◆ Information shown ◆

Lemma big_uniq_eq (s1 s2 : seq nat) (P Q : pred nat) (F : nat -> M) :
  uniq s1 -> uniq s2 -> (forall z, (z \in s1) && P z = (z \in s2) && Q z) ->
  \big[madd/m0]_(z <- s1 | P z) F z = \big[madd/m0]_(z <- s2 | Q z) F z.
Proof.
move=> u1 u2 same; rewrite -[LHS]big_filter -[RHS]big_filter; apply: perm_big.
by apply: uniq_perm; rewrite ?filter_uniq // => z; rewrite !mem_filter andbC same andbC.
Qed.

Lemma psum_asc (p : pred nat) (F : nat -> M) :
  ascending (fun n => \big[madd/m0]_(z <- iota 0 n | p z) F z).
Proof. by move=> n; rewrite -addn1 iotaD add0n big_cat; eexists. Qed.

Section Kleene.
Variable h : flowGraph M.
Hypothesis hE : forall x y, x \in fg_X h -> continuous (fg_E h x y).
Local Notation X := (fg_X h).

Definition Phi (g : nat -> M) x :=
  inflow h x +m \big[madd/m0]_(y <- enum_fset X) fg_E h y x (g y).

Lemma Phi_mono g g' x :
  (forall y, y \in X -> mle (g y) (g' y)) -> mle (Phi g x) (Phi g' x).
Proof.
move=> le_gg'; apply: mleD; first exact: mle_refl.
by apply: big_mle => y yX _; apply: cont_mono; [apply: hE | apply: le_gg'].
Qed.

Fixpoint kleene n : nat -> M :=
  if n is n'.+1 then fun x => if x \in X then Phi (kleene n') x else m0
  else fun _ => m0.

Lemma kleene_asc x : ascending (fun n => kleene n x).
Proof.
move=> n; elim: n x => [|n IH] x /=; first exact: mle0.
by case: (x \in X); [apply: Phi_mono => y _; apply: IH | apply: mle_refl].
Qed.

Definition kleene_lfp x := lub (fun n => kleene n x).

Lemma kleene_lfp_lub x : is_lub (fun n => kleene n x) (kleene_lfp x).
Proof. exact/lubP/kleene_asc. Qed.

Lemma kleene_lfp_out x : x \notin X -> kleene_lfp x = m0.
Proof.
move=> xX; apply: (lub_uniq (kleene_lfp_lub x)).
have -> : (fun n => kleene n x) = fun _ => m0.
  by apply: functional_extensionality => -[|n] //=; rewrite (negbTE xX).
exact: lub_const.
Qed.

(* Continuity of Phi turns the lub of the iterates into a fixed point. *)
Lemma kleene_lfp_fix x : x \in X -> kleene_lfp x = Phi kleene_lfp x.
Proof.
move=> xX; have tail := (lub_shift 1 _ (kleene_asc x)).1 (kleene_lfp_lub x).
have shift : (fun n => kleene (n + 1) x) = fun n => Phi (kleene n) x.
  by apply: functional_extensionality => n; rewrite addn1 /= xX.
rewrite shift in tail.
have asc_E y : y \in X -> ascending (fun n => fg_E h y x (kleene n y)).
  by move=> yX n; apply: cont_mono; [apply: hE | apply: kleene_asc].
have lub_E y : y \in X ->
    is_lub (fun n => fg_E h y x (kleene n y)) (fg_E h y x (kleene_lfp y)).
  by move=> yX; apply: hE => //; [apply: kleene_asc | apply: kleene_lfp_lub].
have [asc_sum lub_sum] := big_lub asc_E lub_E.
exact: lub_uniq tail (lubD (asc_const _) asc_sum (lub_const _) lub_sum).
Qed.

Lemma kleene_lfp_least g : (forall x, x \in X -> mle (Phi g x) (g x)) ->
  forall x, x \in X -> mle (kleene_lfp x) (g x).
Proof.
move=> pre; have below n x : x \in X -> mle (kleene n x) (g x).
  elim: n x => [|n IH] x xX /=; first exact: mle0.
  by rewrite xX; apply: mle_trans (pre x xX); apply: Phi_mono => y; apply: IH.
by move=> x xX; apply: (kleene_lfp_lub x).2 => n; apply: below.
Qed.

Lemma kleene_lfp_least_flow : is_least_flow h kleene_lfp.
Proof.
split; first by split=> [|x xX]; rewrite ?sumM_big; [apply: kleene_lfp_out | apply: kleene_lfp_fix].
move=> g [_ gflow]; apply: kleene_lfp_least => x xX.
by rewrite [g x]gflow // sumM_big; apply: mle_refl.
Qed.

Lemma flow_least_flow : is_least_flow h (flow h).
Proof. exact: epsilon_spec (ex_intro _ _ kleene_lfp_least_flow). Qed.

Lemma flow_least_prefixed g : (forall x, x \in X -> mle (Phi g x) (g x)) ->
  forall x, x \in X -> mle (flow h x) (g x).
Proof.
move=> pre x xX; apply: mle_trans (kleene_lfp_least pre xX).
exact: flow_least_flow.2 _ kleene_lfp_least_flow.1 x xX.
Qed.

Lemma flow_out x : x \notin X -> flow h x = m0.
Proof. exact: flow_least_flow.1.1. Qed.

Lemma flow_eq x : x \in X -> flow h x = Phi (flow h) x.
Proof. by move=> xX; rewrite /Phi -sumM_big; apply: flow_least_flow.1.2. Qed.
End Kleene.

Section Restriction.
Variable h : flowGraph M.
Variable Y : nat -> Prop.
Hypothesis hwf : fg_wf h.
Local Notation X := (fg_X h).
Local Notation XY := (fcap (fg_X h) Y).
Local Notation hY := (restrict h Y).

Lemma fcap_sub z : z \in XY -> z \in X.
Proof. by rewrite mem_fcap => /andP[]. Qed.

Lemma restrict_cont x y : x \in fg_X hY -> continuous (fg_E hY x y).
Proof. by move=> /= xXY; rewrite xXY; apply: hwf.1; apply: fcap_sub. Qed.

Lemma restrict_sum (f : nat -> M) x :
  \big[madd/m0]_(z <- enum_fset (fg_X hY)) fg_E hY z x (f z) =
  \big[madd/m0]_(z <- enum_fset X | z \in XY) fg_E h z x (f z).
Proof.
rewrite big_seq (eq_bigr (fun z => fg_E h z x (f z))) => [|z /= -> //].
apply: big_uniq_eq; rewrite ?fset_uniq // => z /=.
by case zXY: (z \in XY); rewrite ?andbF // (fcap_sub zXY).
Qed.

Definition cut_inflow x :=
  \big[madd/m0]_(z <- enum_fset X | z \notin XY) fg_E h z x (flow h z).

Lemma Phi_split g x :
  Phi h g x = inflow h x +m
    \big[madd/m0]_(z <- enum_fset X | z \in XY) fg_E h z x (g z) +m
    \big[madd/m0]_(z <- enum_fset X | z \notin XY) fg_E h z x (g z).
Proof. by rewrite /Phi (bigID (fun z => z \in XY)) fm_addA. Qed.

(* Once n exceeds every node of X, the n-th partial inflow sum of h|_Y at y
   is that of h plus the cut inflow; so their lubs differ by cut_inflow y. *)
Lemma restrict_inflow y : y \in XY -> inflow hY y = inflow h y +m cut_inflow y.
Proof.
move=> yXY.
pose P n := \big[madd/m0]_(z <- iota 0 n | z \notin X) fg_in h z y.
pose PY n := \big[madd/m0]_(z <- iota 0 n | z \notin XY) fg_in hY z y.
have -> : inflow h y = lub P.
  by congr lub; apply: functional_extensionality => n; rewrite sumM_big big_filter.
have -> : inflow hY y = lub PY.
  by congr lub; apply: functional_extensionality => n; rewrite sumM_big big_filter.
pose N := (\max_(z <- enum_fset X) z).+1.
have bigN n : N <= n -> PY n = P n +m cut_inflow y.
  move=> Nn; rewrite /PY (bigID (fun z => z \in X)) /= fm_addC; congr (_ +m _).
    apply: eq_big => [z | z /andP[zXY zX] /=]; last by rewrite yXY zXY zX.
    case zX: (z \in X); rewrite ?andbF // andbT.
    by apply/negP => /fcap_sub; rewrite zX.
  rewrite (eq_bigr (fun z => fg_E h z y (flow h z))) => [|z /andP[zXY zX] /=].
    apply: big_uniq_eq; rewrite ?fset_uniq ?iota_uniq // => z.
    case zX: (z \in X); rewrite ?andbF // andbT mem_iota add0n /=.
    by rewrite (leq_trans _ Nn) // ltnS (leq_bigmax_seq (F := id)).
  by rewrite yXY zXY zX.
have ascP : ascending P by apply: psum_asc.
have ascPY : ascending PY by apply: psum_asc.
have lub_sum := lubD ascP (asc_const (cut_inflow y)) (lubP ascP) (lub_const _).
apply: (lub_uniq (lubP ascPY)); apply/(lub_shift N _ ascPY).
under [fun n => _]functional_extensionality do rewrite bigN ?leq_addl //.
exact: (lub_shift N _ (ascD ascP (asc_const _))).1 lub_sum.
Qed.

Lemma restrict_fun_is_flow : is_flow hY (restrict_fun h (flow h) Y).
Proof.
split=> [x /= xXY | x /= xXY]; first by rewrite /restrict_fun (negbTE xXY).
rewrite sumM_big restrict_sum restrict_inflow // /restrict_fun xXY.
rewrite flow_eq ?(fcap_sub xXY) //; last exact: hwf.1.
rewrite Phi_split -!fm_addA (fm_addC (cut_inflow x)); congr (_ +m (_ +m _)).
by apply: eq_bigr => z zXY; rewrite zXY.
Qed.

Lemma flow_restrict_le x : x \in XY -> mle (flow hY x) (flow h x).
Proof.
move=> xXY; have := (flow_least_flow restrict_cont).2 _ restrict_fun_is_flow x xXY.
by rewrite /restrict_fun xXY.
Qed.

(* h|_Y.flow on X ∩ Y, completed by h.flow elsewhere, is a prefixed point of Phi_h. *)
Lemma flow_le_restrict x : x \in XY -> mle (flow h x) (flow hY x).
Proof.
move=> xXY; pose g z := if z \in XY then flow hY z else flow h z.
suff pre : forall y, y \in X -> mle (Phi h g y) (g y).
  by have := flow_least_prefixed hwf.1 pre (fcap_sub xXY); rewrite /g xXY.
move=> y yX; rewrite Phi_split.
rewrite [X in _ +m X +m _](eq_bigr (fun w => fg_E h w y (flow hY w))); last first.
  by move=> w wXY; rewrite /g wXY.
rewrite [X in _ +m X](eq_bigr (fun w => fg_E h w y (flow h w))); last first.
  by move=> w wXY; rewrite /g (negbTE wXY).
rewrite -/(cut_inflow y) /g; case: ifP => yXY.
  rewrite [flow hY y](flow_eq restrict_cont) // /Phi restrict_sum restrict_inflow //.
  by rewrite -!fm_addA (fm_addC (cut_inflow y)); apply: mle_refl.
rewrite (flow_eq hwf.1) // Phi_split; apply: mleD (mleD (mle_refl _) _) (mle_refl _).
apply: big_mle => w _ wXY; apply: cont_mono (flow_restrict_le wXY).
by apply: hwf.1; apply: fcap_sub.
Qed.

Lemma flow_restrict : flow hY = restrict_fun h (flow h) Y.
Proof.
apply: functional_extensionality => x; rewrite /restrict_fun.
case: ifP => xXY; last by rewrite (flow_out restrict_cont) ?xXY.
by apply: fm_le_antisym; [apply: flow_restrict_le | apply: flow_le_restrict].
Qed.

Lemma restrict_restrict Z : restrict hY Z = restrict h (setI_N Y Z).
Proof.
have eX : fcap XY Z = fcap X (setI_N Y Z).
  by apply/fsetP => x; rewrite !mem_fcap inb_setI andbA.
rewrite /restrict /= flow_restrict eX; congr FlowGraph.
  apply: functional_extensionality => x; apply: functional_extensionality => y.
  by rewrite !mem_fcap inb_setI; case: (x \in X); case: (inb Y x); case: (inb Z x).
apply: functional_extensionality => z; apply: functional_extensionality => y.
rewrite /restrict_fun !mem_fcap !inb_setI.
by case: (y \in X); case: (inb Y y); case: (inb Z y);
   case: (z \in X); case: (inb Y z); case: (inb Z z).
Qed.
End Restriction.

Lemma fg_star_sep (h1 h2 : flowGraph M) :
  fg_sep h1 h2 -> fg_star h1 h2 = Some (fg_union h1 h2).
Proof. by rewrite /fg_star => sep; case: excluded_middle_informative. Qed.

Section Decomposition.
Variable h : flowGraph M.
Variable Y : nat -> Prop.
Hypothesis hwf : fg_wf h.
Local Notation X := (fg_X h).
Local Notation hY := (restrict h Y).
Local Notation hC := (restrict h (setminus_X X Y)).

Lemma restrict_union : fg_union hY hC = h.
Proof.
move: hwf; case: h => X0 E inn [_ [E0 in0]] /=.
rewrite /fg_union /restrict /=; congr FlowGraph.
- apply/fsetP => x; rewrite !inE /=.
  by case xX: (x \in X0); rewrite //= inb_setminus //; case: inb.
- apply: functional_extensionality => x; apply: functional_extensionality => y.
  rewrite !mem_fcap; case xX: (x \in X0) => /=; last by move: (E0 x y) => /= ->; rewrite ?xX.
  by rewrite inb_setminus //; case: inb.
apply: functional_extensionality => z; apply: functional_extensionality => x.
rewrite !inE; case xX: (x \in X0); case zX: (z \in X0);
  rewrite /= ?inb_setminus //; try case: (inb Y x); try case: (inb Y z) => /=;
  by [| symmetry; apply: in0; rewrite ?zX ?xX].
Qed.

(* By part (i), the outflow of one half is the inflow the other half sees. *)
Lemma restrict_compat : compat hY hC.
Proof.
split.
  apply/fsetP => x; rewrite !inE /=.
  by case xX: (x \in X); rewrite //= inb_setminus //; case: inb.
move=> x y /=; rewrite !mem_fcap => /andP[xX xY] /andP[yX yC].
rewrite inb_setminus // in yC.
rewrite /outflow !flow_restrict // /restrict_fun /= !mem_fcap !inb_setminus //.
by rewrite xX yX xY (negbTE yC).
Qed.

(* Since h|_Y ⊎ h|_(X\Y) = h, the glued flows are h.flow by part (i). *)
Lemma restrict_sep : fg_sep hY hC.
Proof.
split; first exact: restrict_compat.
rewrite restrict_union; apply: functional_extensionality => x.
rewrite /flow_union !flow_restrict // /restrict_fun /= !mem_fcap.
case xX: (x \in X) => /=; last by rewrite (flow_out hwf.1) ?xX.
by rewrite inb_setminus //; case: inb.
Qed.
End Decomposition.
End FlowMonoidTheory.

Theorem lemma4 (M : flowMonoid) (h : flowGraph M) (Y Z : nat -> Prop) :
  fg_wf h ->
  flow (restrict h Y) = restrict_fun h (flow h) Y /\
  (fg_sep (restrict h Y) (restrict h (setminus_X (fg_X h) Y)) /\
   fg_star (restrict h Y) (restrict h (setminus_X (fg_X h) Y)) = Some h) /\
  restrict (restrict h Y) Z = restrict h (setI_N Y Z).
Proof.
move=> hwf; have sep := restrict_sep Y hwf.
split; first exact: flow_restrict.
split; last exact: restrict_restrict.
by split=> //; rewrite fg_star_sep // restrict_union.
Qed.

--

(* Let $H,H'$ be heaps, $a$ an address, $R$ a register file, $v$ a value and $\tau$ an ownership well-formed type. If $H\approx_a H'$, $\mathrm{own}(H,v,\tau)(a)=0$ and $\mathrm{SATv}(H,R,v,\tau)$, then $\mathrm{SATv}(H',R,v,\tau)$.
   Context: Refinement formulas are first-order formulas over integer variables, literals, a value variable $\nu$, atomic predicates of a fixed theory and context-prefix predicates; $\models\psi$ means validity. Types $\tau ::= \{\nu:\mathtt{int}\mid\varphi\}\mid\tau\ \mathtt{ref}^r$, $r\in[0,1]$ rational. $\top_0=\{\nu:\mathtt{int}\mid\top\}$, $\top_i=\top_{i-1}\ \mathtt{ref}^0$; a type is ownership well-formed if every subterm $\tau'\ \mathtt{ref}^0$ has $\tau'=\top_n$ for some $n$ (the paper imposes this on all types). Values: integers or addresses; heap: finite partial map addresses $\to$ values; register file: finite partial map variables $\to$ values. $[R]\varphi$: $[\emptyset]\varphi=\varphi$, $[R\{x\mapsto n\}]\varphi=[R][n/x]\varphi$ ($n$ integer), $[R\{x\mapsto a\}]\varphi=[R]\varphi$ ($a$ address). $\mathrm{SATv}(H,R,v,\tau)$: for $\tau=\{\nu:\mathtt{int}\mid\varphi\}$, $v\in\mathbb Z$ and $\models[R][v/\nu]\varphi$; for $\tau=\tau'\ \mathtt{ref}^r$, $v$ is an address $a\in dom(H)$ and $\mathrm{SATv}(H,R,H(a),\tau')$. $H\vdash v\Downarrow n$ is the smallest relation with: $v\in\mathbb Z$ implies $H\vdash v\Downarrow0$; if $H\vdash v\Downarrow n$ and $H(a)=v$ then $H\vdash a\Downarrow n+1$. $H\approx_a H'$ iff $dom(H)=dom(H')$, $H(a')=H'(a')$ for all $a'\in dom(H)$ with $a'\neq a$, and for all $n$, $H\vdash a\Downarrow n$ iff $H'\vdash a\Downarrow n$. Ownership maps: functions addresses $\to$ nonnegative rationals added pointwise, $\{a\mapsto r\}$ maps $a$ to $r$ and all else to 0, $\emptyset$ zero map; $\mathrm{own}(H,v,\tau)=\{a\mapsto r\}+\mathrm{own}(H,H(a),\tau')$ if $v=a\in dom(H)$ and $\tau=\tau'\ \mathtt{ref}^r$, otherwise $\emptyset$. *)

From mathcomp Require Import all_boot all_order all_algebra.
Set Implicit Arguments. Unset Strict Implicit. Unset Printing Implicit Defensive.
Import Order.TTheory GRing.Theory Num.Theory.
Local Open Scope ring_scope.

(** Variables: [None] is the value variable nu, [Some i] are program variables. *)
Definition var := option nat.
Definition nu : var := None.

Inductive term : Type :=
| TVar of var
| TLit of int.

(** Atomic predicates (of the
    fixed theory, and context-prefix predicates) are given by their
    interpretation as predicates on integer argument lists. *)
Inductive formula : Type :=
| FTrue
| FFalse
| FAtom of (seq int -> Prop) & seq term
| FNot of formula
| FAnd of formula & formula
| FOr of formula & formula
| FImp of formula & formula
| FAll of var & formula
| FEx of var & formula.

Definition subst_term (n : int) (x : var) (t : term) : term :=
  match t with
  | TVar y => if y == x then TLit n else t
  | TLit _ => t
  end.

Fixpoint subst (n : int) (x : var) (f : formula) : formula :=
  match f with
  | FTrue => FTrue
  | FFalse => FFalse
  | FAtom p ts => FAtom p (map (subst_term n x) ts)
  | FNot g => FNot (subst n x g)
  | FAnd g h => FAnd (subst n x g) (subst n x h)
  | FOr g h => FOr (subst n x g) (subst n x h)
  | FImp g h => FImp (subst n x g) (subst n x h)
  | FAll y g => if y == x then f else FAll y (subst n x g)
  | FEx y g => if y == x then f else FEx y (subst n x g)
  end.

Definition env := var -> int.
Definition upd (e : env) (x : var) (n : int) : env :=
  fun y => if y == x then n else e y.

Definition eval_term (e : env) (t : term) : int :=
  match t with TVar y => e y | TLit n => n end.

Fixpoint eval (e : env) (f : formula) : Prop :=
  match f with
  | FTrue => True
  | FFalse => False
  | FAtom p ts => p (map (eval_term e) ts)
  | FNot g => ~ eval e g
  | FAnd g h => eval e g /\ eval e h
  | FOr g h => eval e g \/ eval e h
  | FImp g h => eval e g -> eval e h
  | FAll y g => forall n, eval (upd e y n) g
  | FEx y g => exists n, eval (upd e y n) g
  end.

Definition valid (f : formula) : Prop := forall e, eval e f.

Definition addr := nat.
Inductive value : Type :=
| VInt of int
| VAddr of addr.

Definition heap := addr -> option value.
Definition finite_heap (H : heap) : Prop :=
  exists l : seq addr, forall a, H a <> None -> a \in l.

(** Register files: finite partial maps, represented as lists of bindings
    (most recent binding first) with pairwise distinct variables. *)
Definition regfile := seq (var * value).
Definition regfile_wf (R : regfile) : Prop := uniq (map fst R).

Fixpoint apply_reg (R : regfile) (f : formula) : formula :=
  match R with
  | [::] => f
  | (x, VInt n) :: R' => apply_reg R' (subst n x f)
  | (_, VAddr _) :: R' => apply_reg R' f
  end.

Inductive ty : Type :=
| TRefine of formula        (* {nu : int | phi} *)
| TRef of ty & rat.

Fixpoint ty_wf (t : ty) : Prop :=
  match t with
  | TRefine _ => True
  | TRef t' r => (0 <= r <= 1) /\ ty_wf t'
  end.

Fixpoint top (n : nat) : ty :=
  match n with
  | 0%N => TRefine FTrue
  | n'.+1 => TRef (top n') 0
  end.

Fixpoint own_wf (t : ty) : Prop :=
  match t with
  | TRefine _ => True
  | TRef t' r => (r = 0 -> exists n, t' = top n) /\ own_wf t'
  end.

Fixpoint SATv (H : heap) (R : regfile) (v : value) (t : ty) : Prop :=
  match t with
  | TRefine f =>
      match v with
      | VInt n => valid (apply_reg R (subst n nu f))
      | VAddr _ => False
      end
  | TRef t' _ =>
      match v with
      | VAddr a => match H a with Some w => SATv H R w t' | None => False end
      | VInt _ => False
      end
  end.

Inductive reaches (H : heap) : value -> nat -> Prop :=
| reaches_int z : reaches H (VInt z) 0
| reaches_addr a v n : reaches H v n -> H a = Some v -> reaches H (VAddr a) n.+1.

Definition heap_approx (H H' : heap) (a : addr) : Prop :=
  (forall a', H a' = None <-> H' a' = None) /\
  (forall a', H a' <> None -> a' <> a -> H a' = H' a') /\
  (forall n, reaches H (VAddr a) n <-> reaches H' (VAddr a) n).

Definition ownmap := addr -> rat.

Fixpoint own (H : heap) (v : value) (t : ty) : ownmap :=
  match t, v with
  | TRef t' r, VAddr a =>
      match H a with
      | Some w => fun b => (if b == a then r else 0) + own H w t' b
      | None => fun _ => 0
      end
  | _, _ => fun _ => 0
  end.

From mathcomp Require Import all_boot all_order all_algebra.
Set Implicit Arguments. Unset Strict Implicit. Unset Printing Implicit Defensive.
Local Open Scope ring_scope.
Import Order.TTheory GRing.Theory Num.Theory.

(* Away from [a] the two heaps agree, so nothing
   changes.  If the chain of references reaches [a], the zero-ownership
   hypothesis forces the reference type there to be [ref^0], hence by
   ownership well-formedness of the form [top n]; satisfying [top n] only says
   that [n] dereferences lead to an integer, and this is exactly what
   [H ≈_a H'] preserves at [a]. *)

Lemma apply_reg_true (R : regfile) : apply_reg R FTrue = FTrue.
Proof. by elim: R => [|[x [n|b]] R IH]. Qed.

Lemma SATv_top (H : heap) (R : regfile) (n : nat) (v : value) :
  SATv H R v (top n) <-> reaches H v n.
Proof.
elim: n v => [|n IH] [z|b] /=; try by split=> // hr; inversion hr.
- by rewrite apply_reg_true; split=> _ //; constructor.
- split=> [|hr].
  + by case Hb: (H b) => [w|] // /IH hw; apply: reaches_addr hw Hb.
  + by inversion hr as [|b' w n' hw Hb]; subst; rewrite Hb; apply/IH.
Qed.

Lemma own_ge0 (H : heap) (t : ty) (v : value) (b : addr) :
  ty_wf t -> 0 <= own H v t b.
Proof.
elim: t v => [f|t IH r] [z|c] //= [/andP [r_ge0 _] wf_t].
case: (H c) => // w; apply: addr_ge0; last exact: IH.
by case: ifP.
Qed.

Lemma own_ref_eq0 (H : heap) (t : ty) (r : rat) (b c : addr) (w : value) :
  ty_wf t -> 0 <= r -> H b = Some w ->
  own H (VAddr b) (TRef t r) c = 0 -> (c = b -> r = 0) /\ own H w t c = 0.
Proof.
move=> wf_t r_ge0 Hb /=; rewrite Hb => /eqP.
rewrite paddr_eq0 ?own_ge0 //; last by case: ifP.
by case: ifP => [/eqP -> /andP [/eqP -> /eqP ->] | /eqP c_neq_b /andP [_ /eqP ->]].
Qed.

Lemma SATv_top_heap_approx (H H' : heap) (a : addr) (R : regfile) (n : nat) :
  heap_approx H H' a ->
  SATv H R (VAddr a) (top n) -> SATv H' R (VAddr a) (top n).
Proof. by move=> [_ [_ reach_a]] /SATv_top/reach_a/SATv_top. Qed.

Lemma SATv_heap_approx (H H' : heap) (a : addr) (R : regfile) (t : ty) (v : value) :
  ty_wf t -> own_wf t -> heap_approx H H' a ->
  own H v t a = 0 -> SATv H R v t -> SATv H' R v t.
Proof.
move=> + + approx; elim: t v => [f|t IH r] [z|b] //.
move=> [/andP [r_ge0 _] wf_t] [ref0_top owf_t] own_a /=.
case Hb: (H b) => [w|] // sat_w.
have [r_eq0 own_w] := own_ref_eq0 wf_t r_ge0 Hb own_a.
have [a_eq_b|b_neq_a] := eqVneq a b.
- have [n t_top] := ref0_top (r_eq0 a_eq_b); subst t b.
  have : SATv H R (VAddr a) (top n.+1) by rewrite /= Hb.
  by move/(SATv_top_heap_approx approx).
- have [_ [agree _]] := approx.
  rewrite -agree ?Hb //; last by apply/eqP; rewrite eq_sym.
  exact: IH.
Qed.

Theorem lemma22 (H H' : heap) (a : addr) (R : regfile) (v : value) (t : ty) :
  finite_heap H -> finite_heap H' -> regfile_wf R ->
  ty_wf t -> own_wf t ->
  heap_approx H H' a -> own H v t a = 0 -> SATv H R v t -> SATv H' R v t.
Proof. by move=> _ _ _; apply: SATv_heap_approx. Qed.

◆ Aim of the task ◆
Scan the data for the word "FNot" and copy every line where it shows up.

◆ Solution ◆
| FNot of formula
  | FNot g => FNot (subst n x g)
  | FNot g => ~ eval e g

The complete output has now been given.